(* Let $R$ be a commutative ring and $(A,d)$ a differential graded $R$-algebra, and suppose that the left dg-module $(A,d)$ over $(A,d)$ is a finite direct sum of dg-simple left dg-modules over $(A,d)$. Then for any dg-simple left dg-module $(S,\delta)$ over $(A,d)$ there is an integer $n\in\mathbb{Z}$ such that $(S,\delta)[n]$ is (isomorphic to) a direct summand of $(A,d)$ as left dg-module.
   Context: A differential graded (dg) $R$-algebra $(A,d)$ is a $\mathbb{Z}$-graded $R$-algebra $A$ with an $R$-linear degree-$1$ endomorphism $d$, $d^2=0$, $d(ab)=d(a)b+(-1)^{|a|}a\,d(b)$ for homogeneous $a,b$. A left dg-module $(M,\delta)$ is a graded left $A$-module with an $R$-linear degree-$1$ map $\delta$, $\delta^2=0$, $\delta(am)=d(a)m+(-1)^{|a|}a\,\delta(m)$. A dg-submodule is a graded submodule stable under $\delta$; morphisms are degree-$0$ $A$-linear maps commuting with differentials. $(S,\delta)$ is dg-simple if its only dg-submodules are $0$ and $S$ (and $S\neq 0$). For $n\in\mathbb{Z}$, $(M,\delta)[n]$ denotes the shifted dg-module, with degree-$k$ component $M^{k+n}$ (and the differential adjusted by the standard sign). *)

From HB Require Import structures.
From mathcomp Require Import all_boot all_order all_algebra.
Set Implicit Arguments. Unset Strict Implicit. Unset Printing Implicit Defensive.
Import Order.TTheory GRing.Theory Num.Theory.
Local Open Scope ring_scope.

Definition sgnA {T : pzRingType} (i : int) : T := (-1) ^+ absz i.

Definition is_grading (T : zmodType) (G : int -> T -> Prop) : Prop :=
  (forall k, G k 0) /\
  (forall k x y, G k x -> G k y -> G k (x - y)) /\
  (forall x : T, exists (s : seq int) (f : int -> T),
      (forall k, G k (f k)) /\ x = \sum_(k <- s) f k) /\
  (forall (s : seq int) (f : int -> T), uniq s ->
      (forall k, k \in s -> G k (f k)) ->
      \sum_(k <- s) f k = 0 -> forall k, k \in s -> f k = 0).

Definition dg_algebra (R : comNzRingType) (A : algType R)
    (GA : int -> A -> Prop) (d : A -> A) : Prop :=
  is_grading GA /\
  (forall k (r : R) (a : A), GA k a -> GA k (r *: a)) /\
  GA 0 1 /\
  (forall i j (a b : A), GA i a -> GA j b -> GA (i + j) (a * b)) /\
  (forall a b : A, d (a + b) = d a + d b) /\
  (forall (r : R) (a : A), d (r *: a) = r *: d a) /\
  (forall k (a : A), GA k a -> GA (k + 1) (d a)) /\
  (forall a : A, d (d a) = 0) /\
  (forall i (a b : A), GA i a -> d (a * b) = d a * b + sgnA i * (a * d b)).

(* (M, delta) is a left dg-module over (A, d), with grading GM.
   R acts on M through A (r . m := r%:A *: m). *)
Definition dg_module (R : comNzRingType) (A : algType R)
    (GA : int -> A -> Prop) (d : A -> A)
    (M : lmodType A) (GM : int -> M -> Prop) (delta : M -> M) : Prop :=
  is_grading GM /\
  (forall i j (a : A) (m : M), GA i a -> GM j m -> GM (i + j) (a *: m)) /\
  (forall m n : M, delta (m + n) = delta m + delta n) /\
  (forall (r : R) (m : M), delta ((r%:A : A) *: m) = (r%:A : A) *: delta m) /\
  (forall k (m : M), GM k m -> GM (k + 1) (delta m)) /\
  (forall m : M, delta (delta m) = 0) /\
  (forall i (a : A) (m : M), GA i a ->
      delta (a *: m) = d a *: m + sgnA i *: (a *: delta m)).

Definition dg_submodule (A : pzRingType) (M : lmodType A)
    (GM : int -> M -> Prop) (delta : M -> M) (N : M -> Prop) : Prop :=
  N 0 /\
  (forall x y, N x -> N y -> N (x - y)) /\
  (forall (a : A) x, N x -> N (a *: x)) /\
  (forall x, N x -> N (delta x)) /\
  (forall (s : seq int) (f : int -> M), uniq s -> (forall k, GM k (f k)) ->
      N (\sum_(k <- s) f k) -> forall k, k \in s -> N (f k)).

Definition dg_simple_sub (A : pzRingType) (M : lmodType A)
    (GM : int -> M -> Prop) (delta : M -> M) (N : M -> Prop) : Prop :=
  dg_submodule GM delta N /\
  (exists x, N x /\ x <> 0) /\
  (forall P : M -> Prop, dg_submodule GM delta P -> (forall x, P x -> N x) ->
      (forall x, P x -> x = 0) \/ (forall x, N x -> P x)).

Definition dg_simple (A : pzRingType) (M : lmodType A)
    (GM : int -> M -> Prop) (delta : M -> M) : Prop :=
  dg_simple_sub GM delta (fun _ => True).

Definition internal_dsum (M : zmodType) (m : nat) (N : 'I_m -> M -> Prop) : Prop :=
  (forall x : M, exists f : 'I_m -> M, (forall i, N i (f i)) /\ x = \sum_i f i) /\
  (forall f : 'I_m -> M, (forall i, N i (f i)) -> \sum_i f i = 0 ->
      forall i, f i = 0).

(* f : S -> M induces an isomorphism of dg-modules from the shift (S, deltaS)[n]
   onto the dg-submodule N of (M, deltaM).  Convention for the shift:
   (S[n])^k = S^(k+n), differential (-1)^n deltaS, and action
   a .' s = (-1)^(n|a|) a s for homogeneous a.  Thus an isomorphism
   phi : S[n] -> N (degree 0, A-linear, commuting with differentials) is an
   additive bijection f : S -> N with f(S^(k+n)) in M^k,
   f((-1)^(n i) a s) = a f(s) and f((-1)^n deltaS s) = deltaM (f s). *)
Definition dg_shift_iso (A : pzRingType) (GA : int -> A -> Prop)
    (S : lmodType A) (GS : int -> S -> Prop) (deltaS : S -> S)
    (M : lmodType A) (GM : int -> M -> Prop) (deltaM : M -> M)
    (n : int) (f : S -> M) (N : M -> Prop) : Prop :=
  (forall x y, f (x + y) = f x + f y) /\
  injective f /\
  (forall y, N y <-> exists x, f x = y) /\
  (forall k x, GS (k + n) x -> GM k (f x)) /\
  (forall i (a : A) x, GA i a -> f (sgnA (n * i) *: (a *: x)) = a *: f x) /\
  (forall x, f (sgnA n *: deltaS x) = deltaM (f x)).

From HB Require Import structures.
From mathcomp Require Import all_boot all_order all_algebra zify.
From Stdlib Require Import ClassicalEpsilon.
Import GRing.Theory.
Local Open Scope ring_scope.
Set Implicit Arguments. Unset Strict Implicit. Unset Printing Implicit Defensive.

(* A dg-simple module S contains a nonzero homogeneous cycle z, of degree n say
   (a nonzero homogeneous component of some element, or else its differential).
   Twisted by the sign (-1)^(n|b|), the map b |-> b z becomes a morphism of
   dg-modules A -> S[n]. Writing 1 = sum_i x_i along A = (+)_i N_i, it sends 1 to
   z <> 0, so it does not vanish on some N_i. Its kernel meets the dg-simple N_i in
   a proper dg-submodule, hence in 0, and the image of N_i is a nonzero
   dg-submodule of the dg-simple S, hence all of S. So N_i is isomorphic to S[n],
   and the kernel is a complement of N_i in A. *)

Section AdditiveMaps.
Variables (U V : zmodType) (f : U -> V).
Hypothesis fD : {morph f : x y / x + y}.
§ §
From the data above, copy each line that has the string "pzRingType".

Definition sgnA {T : pzRingType} (i : int) : T := (-1) ^+ absz i.
Definition dg_submodule (A : pzRingType) (M : lmodType A)
Definition dg_simple_sub (A : pzRingType) (M : lmodType A)
Definition dg_simple (A : pzRingType) (M : lmodType A)
Definition dg_shift_iso (A : pzRingType) (GA : int -> A -> Prop)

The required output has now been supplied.